Captains log day 3....sw antrim, cold,finally. Snow, barely a dusting, still can't see squat until 7 30 ish wonder if that busted up fork will drift through at 8 on the dot again. Wish he had 3 points. He is overly large for a younger buck. Have yet to see a single buck from the camera besides the fork. A 5, wide 6,7 and a 7 with a sideways point just up and vanished after the night of the 14th and they ain't been shot anywhere around me


----------



## bowhunter426 (Oct 20, 2010)

Wind has some bite this morning. Only sitting until 11 today.


----------



## Fisherman6 (Sep 1, 2009)

I’m in, windy here again with enough snow to be able to see better. Main property today because of the wind direction. 
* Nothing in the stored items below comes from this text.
Lemma Hf_rescale (x s P F0 F1 F2 A0 A1 A2 : R) : s <> 0 -> P <> 0 ->
  F0 = P * A0 -> s * F1 = P * A1 -> s ^ 2 * F2 = P * A2 ->
  x ^ 2 * F0 * F2 / (F0 ^ 2 + x ^ 2 * F1 ^ 2)
  = x ^ 2 * A0 * A2 / (s ^ 2 * A0 ^ 2 + x ^ 2 * A1 ^ 2).
Proof.
  intros Hs HP E0 E1 E2.
  replace F1 with (P * A1 / s) by (rewrite <- E1; field; exact Hs).
  replace F2 with (P * A2 / s ^ 2) by (rewrite <- E2; field; exact Hs).
  rewrite E0.
  replace (x ^ 2 * (P * A0) * (P * A2 / s ^ 2)) with (P ^ 2 / s ^ 2 * (x ^ 2 * A0 * A2))
    by (field; exact Hs).
  replace ((P * A0) ^ 2 + x ^ 2 * (P * A1 / s) ^ 2)
    with (P ^ 2 / s ^ 2 * (s ^ 2 * A0 ^ 2 + x ^ 2 * A1 ^ 2)) by (field; exact Hs).
  apply Rdiv_mult_l_l. unfold Rdiv. apply Rmult_integral_contrapositive_currified.
  - now apply pow_nonzero.
  - now apply Rinv_neq_0_compat, pow_nonzero.
Qed.

Lemma Hf_bounded_near_of_nonzero (a : R) (f : R -> R) (z : R) :
  real_analytic_on (fun x => a < x) f -> a < z -> f z <> 0 ->
  bounded_near (Hf f) z.
Proof.
  intros Han Hz Hfz. apply bounded_near_of_continuity, continuity_pt_of_ex_derive.
  pose proof (Hden_pos f z Hfz) as HD. unfold Hf, Hden in *.
  assert (D : forall n, ex_derive (Derive_n f n) z)
    by (intros n; eexists; apply (analytic_is_derive_n a f z n Han Hz)).
  auto_derive. split; [exact (D 0%nat)|]. split; [exact (D 2%nat)|].
  split; [exact (D 0%nat)|]. split; [exact (D 1%nat)|]. split; [|exact I].
  apply Rgt_not_eq. replace (f z * (f z * 1) + z * (z * 1) * (Derive f z * (Derive f z * 1)))
    with (f z ^ 2 + z ^ 2 * Derive f z ^ 2) by ring. exact HD.
Qed.

Lemma Hf_bounded_near_of_zero (f : R -> R) (z rho : R) (c : nat -> R) (m : nat) :
  z <> 0 -> 0 < rho -> Rbar_le rho (CV_radius c) ->
  (forall n x, Rabs (x - z) < rho -> Derive_n f n x = PSeries (PS_derive_n n c) (x - z)) ->
  (forall k, (k < S m)%nat -> c k = 0) -> c (S m) <> 0 ->
  bounded_near (Hf f) z.
Proof.
  intros Hz Hrho Hrad Hloc Hlow Hm.
  (* With s = x - z, s ^ j * f^(j) x = s ^ (S m) * A j s, so Hf f x = G s for s <> 0, and G is
     continuous at 0 because A 1 0 = (S m) * c (S m) <> 0. *)
  set (A := fun j s => PSeries (PS_decr_n (PS_incr_n (PS_derive_n j c) j) (S m)) s).
  assert (HA : forall j, ex_derive (A j) 0).
  { intros j. apply ex_derive_PSeries.
    rewrite CV_radius_decr_n, CV_radius_incr_n, CV_radius_derive_n, Rabs_R0.
    eapply Rbar_lt_le_trans; [|exact Hrad]. exact Hrho. }
  assert (HA1 : A 1%nat 0 <> 0).
  { unfold A. rewrite PSeries_0. unfold PS_decr_n, PS_derive_n. simpl.
    replace (m + 0 + 1)%nat with (S m) by lia.
    apply Rmult_integral_contrapositive_currified; [|exact Hm].
    unfold Rdiv. apply Rmult_integral_contrapositive_currified;
      [|apply Rinv_neq_0_compat]; apply INR_fact_neq_0. }
  set (G := fun s => (z + s) ^ 2 * A 0%nat s * A 2%nat s
                     / (s ^ 2 * A 0%nat s ^ 2 + (z + s) ^ 2 * A 1%nat s ^ 2)).
  destruct (bounded_near_of_continuity G 0) as [d [B [Hd HG]]].
  { apply continuity_pt_of_ex_derive. unfold G. auto_derive.
    repeat split; try apply HA.
    rewrite Rplus_0_r. replace (0 * (0 * 1) * (A 0%nat 0 * (A 0%nat 0 * 1))
      + z * (z * 1) * (A 1%nat 0 * (A 1%nat 0 * 1))) with ((z * A 1%nat 0) ^ 2) by ring.
    apply pow_nonzero, Rmult_integral_contrapositive_currified; assumption. }
  assert (HB : 0 <= B).
  { eapply Rle_trans; [apply Rabs_pos | apply HG]. rewrite Rminus_0_r, Rabs_R0. exact Hd. }
  exists (Rmin rho d), B. split; [now apply Rmin_pos|].
  intros x Hx.
  assert (Hxr : Rabs (x - z) < rho) by (eapply Rlt_le_trans; [exact Hx | apply Rmin_l]).
  assert (Hxd : Rabs (x - z) < d) by (eapply Rlt_le_trans; [exact Hx | apply Rmin_r]).
  destruct (Req_dec x z) as [->|Hxz].
  - rewrite Hf_eq_0; [rewrite Rabs_R0; exact HB|].
    change (Derive_n f 0 z = 0).
    rewrite Hloc, Rminus_diag, PSeries_0 by (rewrite Rminus_diag, Rabs_R0; exact Hrho).
    unfold PS_derive_n. rewrite Hlow by lia. ring.
  - specialize (HG (x - z)). rewrite Rminus_0_r in HG.
    replace (Hf f x) with (G (x - z)); [now apply HG|].
    assert (Hfac : forall j, (x - z) ^ j * Derive_n f j x = (x - z) ^ S m * A j (x - z)).
    { intros j. rewrite Hloc by exact Hxr. now apply PSeries_pow_mul_factor. }
    unfold G, Hf, Hden. replace (z + (x - z)) with x by ring. symmetry.
    apply (Hf_rescale _ _ ((x - z) ^ S m)).
    + lra.
    + apply pow_nonzero. lra.
    + rewrite <- Hfac. simpl. ring.
    + rewrite <- (Hfac 1%nat), pow_1. reflexivity.
    + exact (Hfac 2%nat).
Qed.

Lemma Hf_bounded_near (a : R) (f : R -> R) (z : R) : 0 <= a ->
  real_analytic_on (fun x => a < x) f -> a < z -> bounded_near (Hf f) z.
Proof.
  intros Ha Han Hz.
  destruct (analytic_local_pseries a f z Han Hz) as [rho [c [Hrho [Hrad Hf_ps]]]].
  destruct (classic (exists n, c n <> 0)) as [Hnz|Hzero].
  - destruct (least_nonzero c Hnz) as [[|m] [Hm Hlow]].
    + apply (Hf_bounded_near_of_nonzero a); [exact Han | exact Hz|].
      change (Derive_n f 0 z <> 0).
      rewrite Hf_ps, Rminus_diag, PSeries_0 by (rewrite Rminus_diag, Rabs_R0; exact Hrho).
      unfold PS_derive_n. simpl. rewrite Rdiv_1_r, Rmult_1_l. exact Hm.
    + apply (Hf_bounded_near_of_zero f z rho c m); auto. lra.
  - exists rho, 0. split; [exact Hrho|]. intros x Hx.
    rewrite Hf_eq_0, Rabs_R0; [lra|].
    change (Derive_n f 0 x = 0). rewrite Hf_ps by exact Hx.
    rewrite <- (PSeries_const_0 (x - z)). apply PSeries_ext. intros n.
    unfold PS_derive_n. replace (c (n + 0)%nat) with 0; [ring|].
    symmetry. apply NNPP. intros Hn. apply Hzero. now exists (n + 0)%nat.
Qed.

Lemma Hf_bounded (a : R) (f : R -> R) : 0 < a -> real_analytic_on (fun x => a < x) f ->
  (exists C, 0 < C /\
     (forall eps, 0 < eps -> exists d, 0 < d /\
        forall x, a < x < a + d -> Hden f x <> 0 -> Rabs (Hf f x) <= C + eps) /\
     (forall eps, 0 < eps -> exists M, forall x, M < x -> a < x ->
        Hden f x <> 0 -> Rabs (Hf f x) <= C + eps)) ->
  exists B, 0 <= B /\ forall x, a < x -> Rabs (Hf f x) <= B.
Proof.
  intros Ha Han [C [HC [Hnear Hfar]]].
  destruct (Hnear 1 Rlt_0_1) as [d [Hd Hd']].
  destruct (Hfar 1 Rlt_0_1) as [M HM].
  assert (a + d <= Rmax (a + d) M) by apply Rmax_l.
  assert (M <= Rmax (a + d) M) by apply Rmax_r.
  destruct (bounded_on_segment (Hf f) (a + d / 2) (Rmax (a + d) M)) as [B0 HB0]; [lra| |].
  { intros z Hz. apply (Hf_bounded_near a); [lra | exact Han | lra]. }
  exists (Rmax B0 (C + 1)). split; [eapply Rle_trans; [|apply Rmax_r]; lra|].
  intros x Hx.
  destruct (Req_dec (Hden f x) 0) as [Hz|Hnz].
  { rewrite Hf_eq_0_of_Hden, Rabs_R0 by exact Hz. eapply Rle_trans; [|apply Rmax_r]; lra. }
  destruct (Rlt_dec x (a + d)).
  { eapply Rle_trans; [apply Hd'; [lra | exact Hnz] | apply Rmax_r]. }
  destruct (Rlt_dec M x).
  { eapply Rle_trans; [apply HM; assumption | apply Rmax_r]. }
  eapply Rle_trans; [apply HB0; lra | apply Rmax_l].
Qed.

(** * The normalised value wf *)

Definition wf (f : R -> R) (t : R) : R := f t / sqrt (Hden f t).

Definition kappa_val (f : R -> R) (x : R) : R := Rabs x * Rabs (Derive f x) / Rabs (f x).

Lemma Rabs_wf (f : R -> R) (t : R) : Rabs (wf f t) = Rabs (f t) / sqrt (Hden f t).
Proof.
  unfold wf, Rdiv. rewrite Rabs_mult, Rabs_inv, (Rabs_pos_eq (sqrt _)) by apply sqrt_pos.
  reflexivity.
Qed.

Lemma Rabs_mul_Derive_le_sqrt_Hden (f : R -> R) (t : R) :
  Rabs (t * Derive f t) <= sqrt (Hden f t).
Proof.
  rewrite <- sqrt_Rsqr_abs. apply sqrt_le_1_alt. unfold Hden, Rsqr.
  pose proof (pow2_ge_0 (f t)). nra.
Qed.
Sent from my iPhone using Michigan Sportsman


----------



## old graybeard (Jan 19, 2006)

Here's to another great day of deer hunting fella's.


----------



## Old lund (Apr 20, 2016)

Good luck today everyone I’m settled in the creek bottom for today


----------



## Zig Zag (Apr 28, 2020)

Seen one so far this morning. Wind is relentless.


----------



## christophermpollard (Mar 9, 2009)

The bad news, I'm on a new kidney medication that makes me piss like a pregnant racehorse. The good news, I never have to buy hand warmers again.

Sent from my SM-G950U using Michigan Sportsman mobile app


----------



## vsmorgantown (Jan 16, 2012)

Dynrat said:


> Well. I guess i didn’t blow the spot out, but I may have now.
> 
> Had the smaller doe (guessing a 1.5) come in 15 yds from blind and bust me not even 5 minutes after my last post. She must have been walking in as I made the post because i didn’t even see her until she was right there where she is laying now staring at me. Somehow still managed to put her down. 15 yds with 300 WinMag equals a cartwheel and then a dirt nap.
> 
> ...


Leave them lay and hunt. Yes lots of guys and stories out there of bucks coming into downed does. That’s great scent to have laying out there. And congrats on your meat!


----------



## Go Lions!!!! (Jun 1, 2013)

MrFysch said:


> View attachment 604195
> View attachment 604195


Now will you please get home and get us some good river walleye reports??? I know...you have Kansas first


----------



## Go Lions!!!! (Jun 1, 2013)

Go Lions!!!! said:


> Now will you please get home and get us some good river walleye reports??? I know...you have Kansas first


Oh...didn't look close enough...see now it's your buddy's buck...but still need a walleye report


----------



## snortwheeze (Jul 31, 2012)

MrFysch said:


> View attachment 604153


CONGRATS to your brother Ron! 



Dynrat said:


> Well. I guess i didn’t blow the spot out, but I may have now.
> 
> Had the smaller doe (guessing a 1.5) come in 15 yds from blind and bust me not even 5 minutes after my last post. She must have been walking in as I made the post because i didn’t even see her until she was right there where she is laying now staring at me. Somehow still managed to put her down. 15 yds with 300 WinMag equals a cartwheel and then a dirt nap.
> 
> ...


What a picture ! Congrats. Leave em lay and hunt!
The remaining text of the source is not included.